What you should do: Once you have located the line containing "move=> phix_fin /(SsetP" in the material below, return it exactly along with each line after it through the line containing "by move: kn;".

Data under study:

(* Let $(X,d)$ be a quasi-pseudometric space and $\varphi:X\to\mathbb{R}\cup\{\infty\}$ a proper bounded below function. For $x\in\operatorname{dom}\varphi$ let $S(x)=\{y\in X:\varphi(y)+d(y,x)\le\varphi(x)\}$ and $J(x)=\inf\varphi(S(x))$. Let $x_0\in\operatorname{dom}\varphi$. Then one of the following two situations occurs. 1. There exist $m\in\mathbb{N}_0$ and points $x_1,\dots,x_m$ such that for all $0\le k\le m-1$: $\varphi(x_k)>J(x_k)$, $x_{k+1}\in S(x_k)$ and $\varphi(x_{k+1})<(\varphi(x_k)+J(x_k))/2$; and $\varphi(x_m)=J(x_m)$. In this case, putting $z=x_m$: (i) $S(x_{k+1})\subseteq S(x_k)$ and $\varphi(x_{k+1})<\varphi(x_k)$ for all $0\le k\le m-1$; (ii) $z\in S(x_k)$ and $S(z)\subseteq S(x_k)$ for $0\le k\le m$; (iii) $\varphi(y)=\varphi(z)=J(z)$ for all $y\in S(z)$; (iv) $S(y)\subseteq\overline{\{y\}}$ for all $y\in S(z)$. 2. There exists a sequence $(x_n)_{n\in\mathbb{N}_0}$ (starting at $x_0$) such that for all $n\in\mathbb{N}_0$: $\varphi(x_n)>J(x_n)$, $x_{n+1}\in S(x_n)$ and $\varphi(x_{n+1})<(\varphi(x_n)+J(x_n))/2$. In this case: (i) $S(x_{n+1})\subseteq S(x_n)$ and $\varphi(x_{n+1})<\varphi(x_n)$ for all $n$; (ii) the limits $\alpha:=\lim_n\varphi(x_n)=\lim_n J(x_n)$ exist and are real; (iii) $x_{n+k}\in S(x_n)$ for all $n,k\in\mathbb{N}_0$; (iv) $(x_n)$ is right $K$-Cauchy. If moreover $X$ is sequentially right $K$-complete and $\varphi$ is nearly lower semicontinuous, then $(x_n)$ converges to a point $z\in X$ such that (i) $z\in S(x_n)$ and $S(z)\subseteq S(x_n)$ for all $n\in\mathbb{N}_0$; (ii) $\varphi(y)=\varphi(z)=J(z)=\alpha$ for all $y\in S(z)$; (iii) $S(y)\subseteq\overline{\{y\}}$ for all $y\in S(z)$.
   Context: A quasi-pseudometric on $X$ is $d:X\times X\to[0,\infty)$ with $d(x,x)=0$ and $d(x,z)\le d(x,y)+d(y,z)$ (no symmetry). Topology $\tau_d$: neighbourhood base at $x$ given by $\{y:d(x,y)<r\}$, $r>0$; so $x_n\to x$ iff $d(x,x_n)\to0$, and $\overline{\{y\}}=\{x: d(x,y)=0\}$. A sequence $(x_n)$ is right $K$-Cauchy if for every $\varepsilon>0$ there is $n_\varepsilon$ with $d(x_{n+k},x_n)<\varepsilon$ for all $n\ge n_\varepsilon$, $k\in\mathbb{N}$; $X$ is sequentially right $K$-complete if every right $K$-Cauchy sequence converges (in $\tau_d$). $\varphi$ is proper if $\operatorname{dom}\varphi=\{x:\varphi(x)<\infty\}\ne\emptyset$. $\varphi$ is nearly lower semicontinuous if $\varphi(x)\le\liminf_n\varphi(x_n)$ for every sequence with pairwise distinct terms converging to $x$. $\mathbb{N}_0=\{0,1,2,\dots\}$. *)

From HB Require Import structures.
From mathcomp Require Import all_boot all_order all_algebra.
From mathcomp Require Import all_classical all_reals all_analysis.
Set Implicit Arguments. Unset Strict Implicit. Unset Printing Implicit Defensive.
Import Order.TTheory GRing.Theory Num.Theory numFieldNormedType.Exports.
Local Open Scope classical_set_scope.
Local Open Scope ring_scope.

Section QPM.
Context {R : realType} {X : Type}.

Definition quasi_pseudometric (d : X -> X -> R) : Prop :=
  (forall x y, 0 <= d x y) /\ (forall x, d x x = 0) /\
  (forall x y z, d x z <= d x y + d y z).

(* x_n --> x in tau_d  iff  d(x, x_n) --> 0 *)
Definition qconverges (d : X -> X -> R) (u : nat -> X) (x : X) : Prop :=
  (fun n => d x (u n)) @ \oo --> 0.

(* closure in tau_d (neighbourhood base {y : d x y < r}) *)
Definition qclosure (d : X -> X -> R) (A : set X) : set X :=
  [set x | forall r : R, 0 < r -> exists2 a, A a & d x a < r].

Definition right_K_Cauchy (d : X -> X -> R) (u : nat -> X) : Prop :=
  forall eps : R, 0 < eps -> exists N : nat,
    forall n k : nat, (N <= n)%N -> d (u (n + k)%N) (u n) < eps.

Definition seq_right_K_complete (d : X -> X -> R) : Prop :=
  forall u : nat -> X, right_K_Cauchy d u -> exists x, qconverges d u x.

(* phi : X -> R u {+oo} : extended-real valued, never -oo *)
Definition phi_dom (phi : X -> \bar R) : set X := [set x | phi x \is a fin_num].

Definition phi_proper (phi : X -> \bar R) : Prop := phi_dom phi !=set0.

Definition bounded_below (phi : X -> \bar R) : Prop :=
  exists c : R, forall x, (c%:E <= phi x)%E.

Definition nearly_lsc (d : X -> X -> R) (phi : X -> \bar R) : Prop :=
  forall (u : nat -> X) (x : X), (forall i j, i <> j -> u i <> u j) ->
    qconverges d u x -> (phi x <= limn_einf (fun n => phi (u n)))%E.

Definition Sset (d : X -> X -> R) (phi : X -> \bar R) (x : X) : set X :=
  [set y | (phi y + (d y x)%:E <= phi x)%E].

Definition Jval (d : X -> X -> R) (phi : X -> \bar R) (x : X) : \bar R :=
  ereal_inf (phi @` Sset d phi x).

Definition step_cond (d : X -> X -> R) (phi : X -> \bar R) (a b : X) : Prop :=
  (Jval d phi a < phi a)%E /\ Sset d phi a b /\
  (phi b < (phi a + Jval d phi a) * (2^-1)%:E)%E.

End QPM.

From HB Require Import structures.
From mathcomp Require Import all_boot all_order all_algebra.
From mathcomp Require Import all_classical all_reals all_analysis.
From mathcomp Require Import lra.
Import Order.TTheory GRing.Theory Num.Theory numFieldNormedType.Exports.
Local Open Scope classical_set_scope.
Local Open Scope ring_scope.
Set Implicit Arguments. Unset Strict Implicit.

(* By the triangle inequality the relation y in S(x) is transitive, so along a step
   x_k -> x_(k+1) the sets S shrink and phi strictly decreases.  A step is chosen (by
   choice) whenever phi(x) > J(x), and iterated from x0: either some first x_m has
   phi(x_m) = J(x_m), or the sequence is infinite.
   If phi(z) = J(z), every y in S(z) has J(z) <= phi(y) <= phi(z) - d(y,z), so phi is
   constant on S(z); then every w in S(y) has d(w,y) = 0, i.e. lies in the closure of y.
   For an infinite sequence, J(x_n) <= phi(x_(n+1)) < (phi(x_n) + J(x_n))/2 squeezes
   phi(x_n) and J(x_n) to a common limit alpha, and
   d(x_(n+k),x_n) <= phi(x_n) - phi(x_(n+k)) makes the sequence right K-Cauchy.
   Its terms are pairwise distinct, so near lower semicontinuity gives phi(z) <= alpha
   at the limit z; hence z is in every S(x_n), and each y in S(z) satisfies
   alpha <- J(x_n) <= phi(y) <= phi(z) <= alpha. *)

Lemma nonincreasing_squeeze_cvg (R : realType) (u v : R^nat) (c : R) :
  (forall n, c <= u n) -> (forall n, u n.+1 <= u n) ->
  (forall n, u n.+1 + (u n.+1 - u n) <= v n <= u n.+1) ->
  cvgn u /\ v @ \oo --> limn u.
Proof.
move=> u_ge u_noninc v_bnd.
have u_cvg : cvgn u.
  apply: nonincreasing_is_cvgn; first exact/nonincreasing_seqP.
  by exists c => _ [n _ <-].
split=> //.
have uS_cvg : (fun n => u n.+1) @ \oo --> limn u by rewrite (cvg_shiftS u).
have : (fun n => u n.+1 + (u n.+1 - u n)) @ \oo --> limn u + (limn u - limn u).
  exact: cvgD uS_cvg (cvgB uS_cvg u_cvg).
rewrite subrr addr0 => low_cvg.
apply: (squeeze_cvgr _ low_cvg uS_cvg); exact: nearW.
Qed.

Lemma right_K_Cauchy_dominated (R : realType) (X : Type) (d : X -> X -> R)
    (x : nat -> X) (u : R^nat) :
  {homo u : n m / (n <= m)%N >-> m <= n} -> cvgn u ->
  (forall n k, d (x (n + k)%N) (x n) <= u n - u (n + k)%N) ->
  right_K_Cauchy d x.
Proof.
move=> u_noninc u_cvg d_le e e_gt0.
have [N _ u_near] : \forall n \near \oo, u n < limn u + e.
  by apply: (cvgr_lt _ u_cvg); rewrite ltrDl.
exists N => n k Nn; have := u_near n Nn.
have := nonincreasing_cvgn_ge u_noninc u_cvg (n + k)%N.
have := d_le n k; lra.
Qed.

Section Descent.
Variables (R : realType) (X : Type) (d : X -> X -> R) (phi : X -> \bar R).
Hypothesis d_qpm : quasi_pseudometric d.
Hypothesis phi_neqNy : forall x, phi x != -oo%E.

Local Notation SS := (Sset d phi).
Local Notation J := (Jval d phi).

Let d_ge0 x y : 0 <= d x y. Proof. by case: d_qpm. Qed.
Let d_triangle x y z : d x z <= d x y + d y z. Proof. by case: d_qpm => _ []. Qed.

Lemma SsetP x y : phi x \is a fin_num ->
  SS x y <-> phi y \is a fin_num /\ fine (phi y) + d y x <= fine (phi x).
Proof.
move=> phix_fin; rewrite /Sset /= -(fineK phix_fin); split.
  by case: (phi y) (phi_neqNy y) => [r| |].
by case=> phiy_fin; rewrite -(fineK phiy_fin) -EFinD lee_fin fineK.
Qed.

Lemma Sset_refl x : SS x x.
Proof. by case: d_qpm => _ [d0 _]; rewrite /Sset /= d0 adde0. Qed.

Lemma Sset_trans x y : phi x \is a fin_num -> SS x y -> SS y `<=` SS x.
Proof.
move=> phix_fin /(SsetP _ phix_fin)[phiy_fin Sxy] w /(SsetP _ phiy_fin)[phiw_fin Syw].
by apply/(SsetP _ phix_fin); split=> //; have := d_triangle w y x; lra.
Qed.

Lemma Jval_le x y : SS x y -> (J x <= phi y)%E.
Proof. by move=> Sxy; apply: ereal_inf_lbound; exists y. Qed.

Lemma Jval_le_phi x : (J x <= phi x)%E.
Proof. exact/Jval_le/Sset_refl. Qed.

Lemma step_cond_Sset x y : step_cond d phi x y -> SS x y.
Proof. by case=> _ []. Qed.

Section Chain.
Variables (x : nat -> X) (m : nat).
Hypothesis x0_fin : phi (x 0%N) \is a fin_num.
Hypothesis x_steps : forall k, (k < m)%N -> step_cond d phi (x k) (x k.+1).

Lemma chain_Sset_x0 k : (k <= m)%N -> SS (x 0%N) (x k).
Proof.
elim: k => [|k IHk] km; first exact: Sset_refl.
exact: Sset_trans x0_fin (IHk (ltnW km)) _ (step_cond_Sset (x_steps km)).
Qed.

Lemma chain_fin k : (k <= m)%N -> phi (x k) \is a fin_num.
Proof. by move=> km; case/(SsetP _ x0_fin): (chain_Sset_x0 km). Qed.

Lemma chain_Sset k n : (k <= n <= m)%N -> SS (x k) (x n).
Proof.
elim: n => [|n IHn] /andP[kn nm].
  by move: kn; rewrite leqn0 => /eqP ->; exact: Sset_refl.
rewrite leq_eqVlt in kn; case/orP: kn => [/eqP -> | kn]; first exact: Sset_refl.
have Skn : SS (x k) (x n) by apply: IHn; rewrite [(k <= n)%N]kn ltnW.
have xk_fin := chain_fin (leq_trans (ltnW kn) nm).
exact: Sset_trans xk_fin Skn _ (step_cond_Sset (x_steps nm)).
Qed.

End Chain.

Lemma next_steps (next : X -> X) (x : nat -> X) m :
  (forall x, phi x \is a fin_num -> (J x < phi x)%E -> step_cond d phi x (next x)) ->
  (forall n, x n.+1 = next (x n)) -> phi (x 0%N) \is a fin_num ->
  (forall k, (k < m)%N -> phi (x k) != J (x k)) ->
  forall k, (k < m)%N -> step_cond d phi (x k) (x k.+1).
Proof.
move=> next_step x_next x0_fin; elim: m => [//|m IHm] neq.
have steps_m := IHm (fun k km => neq k (ltnW km)).
move=> k; rewrite ltnS leq_eqVlt => /orP[/eqP->|]; last exact: steps_m.
rewrite x_next; apply: next_step; first exact: (chain_fin x0_fin steps_m).
by rewrite lt_neqAle eq_sym neq // Jval_le_phi.
Qed.

Lemma Sset_phi_eq z : phi z \is a fin_num -> phi z = J z ->
  forall y, SS z y -> phi y = phi z.
Proof.
move=> phiz_fin phiz_J y Szy; have [phiy_fin le_yz] := (SsetP _ phiz_fin).1 Szy.
apply/le_anti/andP; split; last by rewrite {1}phiz_J; exact: Jval_le.
by rewrite -(fineK phiy_fin) -(fineK phiz_fin) lee_fin; have := d_ge0 y z; lra.
Qed.

Section ConstantOnSset.
Variable z : X.
Hypotheses (phiz_fin : phi z \is a fin_num)
  (phi_const : forall y, SS z y -> phi y = phi z).

Lemma Jval_const : J z = phi z.
Proof.
apply/le_anti; rewrite Jval_le_phi /=.
by apply: le_ereal_inf_tmp => _ [y Szy <-]; rewrite phi_const.
Qed.

Lemma Sset_const_closure y : SS z y -> SS y `<=` qclosure d [set y].
Proof.
move=> Szy w Syw r r_gt0; exists y => //.
have [phiy_fin _] := (SsetP _ phiz_fin).1 Szy.
have [_ le_wy] := (SsetP _ phiy_fin).1 Syw.
move: le_wy; rewrite (phi_const (Sset_trans phiz_fin Szy Syw)) -(phi_const Szy).
by have := d_ge0 w y; lra.
Qed.

End ConstantOnSset.

Section BoundedBelow.
Variable c : R.
Hypothesis phi_ge : forall x, (c%:E <= phi x)%E.

Lemma Jval_fin x : phi x \is a fin_num -> J x \is a fin_num.
Proof.
move=> phix_fin; have := Jval_le_phi x.
have : (c%:E <= J x)%E by apply: le_ereal_inf_tmp => _ [y _ <-].
by rewrite -(fineK phix_fin); case: (J x).
Qed.

Lemma exists_step x : phi x \is a fin_num -> (J x < phi x)%E ->
  exists y, step_cond d phi x y.
Proof.
move=> phix_fin Jx_lt; have Jx_fin := Jval_fin phix_fin.
have : (J x < (phi x + J x) * (2^-1)%:E)%E.
  move: Jx_lt; rewrite -(fineK phix_fin) -(fineK Jx_fin) -EFinD -EFinM !lte_fin.
  lra.
by case/ereal_inf_lt => _ [y Sxy <-] ?; exists y.
Qed.

Lemma exists_next : exists next : X -> X,
  forall x, phi x \is a fin_num -> (J x < phi x)%E -> step_cond d phi x (next x).
Proof.
pose P x y := phi x \is a fin_num -> (J x < phi x)%E -> step_cond d phi x y.
have [next next_step] : {next : X -> X & forall x, P x (next x)}.
  apply: choice => x.
  have [[phix_fin Jx_lt]|no_step] := pselect (phi x \is a fin_num /\ (J x < phi x)%E).
    by have [y xy] := exists_step phix_fin Jx_lt; exists y.
  by exists x => phix_fin Jx_lt; case: no_step.
by exists next.
Qed.

Lemma step_cond_fine x y : phi x \is a fin_num -> step_cond d phi x y ->
  [/\ phi y \is a fin_num, fine (phi y) + d y x <= fine (phi x),
      fine (J x) <= fine (phi y) &
      fine (phi y) + (fine (phi y) - fine (phi x)) < fine (J x)].
Proof.
move=> phix_fin [_ [Sxy lt_mid]].
have [phiy_fin le_yx] := (SsetP _ phix_fin).1 Sxy.
have Jx_fin := Jval_fin phix_fin.
have := Jval_le Sxy; move: lt_mid.
rewrite -(fineK phix_fin) -(fineK phiy_fin) -(fineK Jx_fin) -EFinD -EFinM.
by rewrite lte_fin lee_fin => ? ?; split=> //; lra.
Qed.

Lemma step_cond_descent x y : phi x \is a fin_num -> step_cond d phi x y ->
  SS y `<=` SS x /\ (phi y < phi x)%E.
Proof.
move=> phix_fin xy; split; first exact: Sset_trans phix_fin (step_cond_Sset xy).
have [phiy_fin _ ? ?] := step_cond_fine phix_fin xy.
by rewrite -(fineK phix_fin) -(fineK phiy_fin) lte_fin; lra.
Qed.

Exercise output:
move=> phix_fin /(SsetP _ phix_fin)[phiy_fin Sxy] w /(SsetP _ phiy_fin)[phiw_fin Syw].
by apply/(SsetP _ phix_fin); split=> //; have := d_triangle w y x; lra.
Qed.

Lemma Jval_le x y : SS x y -> (J x <= phi y)%E.
Proof. by move=> Sxy; apply: ereal_inf_lbound; exists y. Qed.

Lemma Jval_le_phi x : (J x <= phi x)%E.
Proof. exact/Jval_le/Sset_refl. Qed.

Lemma step_cond_Sset x y : step_cond d phi x y -> SS x y.
Proof. by case=> _ []. Qed.

Section Chain.
Variables (x : nat -> X) (m : nat).
Hypothesis x0_fin : phi (x 0%N) \is a fin_num.
Hypothesis x_steps : forall k, (k < m)%N -> step_cond d phi (x k) (x k.+1).

Lemma chain_Sset_x0 k : (k <= m)%N -> SS (x 0%N) (x k).
Proof.
elim: k => [|k IHk] km; first exact: Sset_refl.
exact: Sset_trans x0_fin (IHk (ltnW km)) _ (step_cond_Sset (x_steps km)).
Qed.

Lemma chain_fin k : (k <= m)%N -> phi (x k) \is a fin_num.
Proof. by move=> km; case/(SsetP _ x0_fin): (chain_Sset_x0 km). Qed.

Lemma chain_Sset k n : (k <= n <= m)%N -> SS (x k) (x n).
Proof.
elim: n => [|n IHn] /andP[kn nm].
  by move: kn; rewrite leqn0 => /eqP ->; exact: Sset_refl.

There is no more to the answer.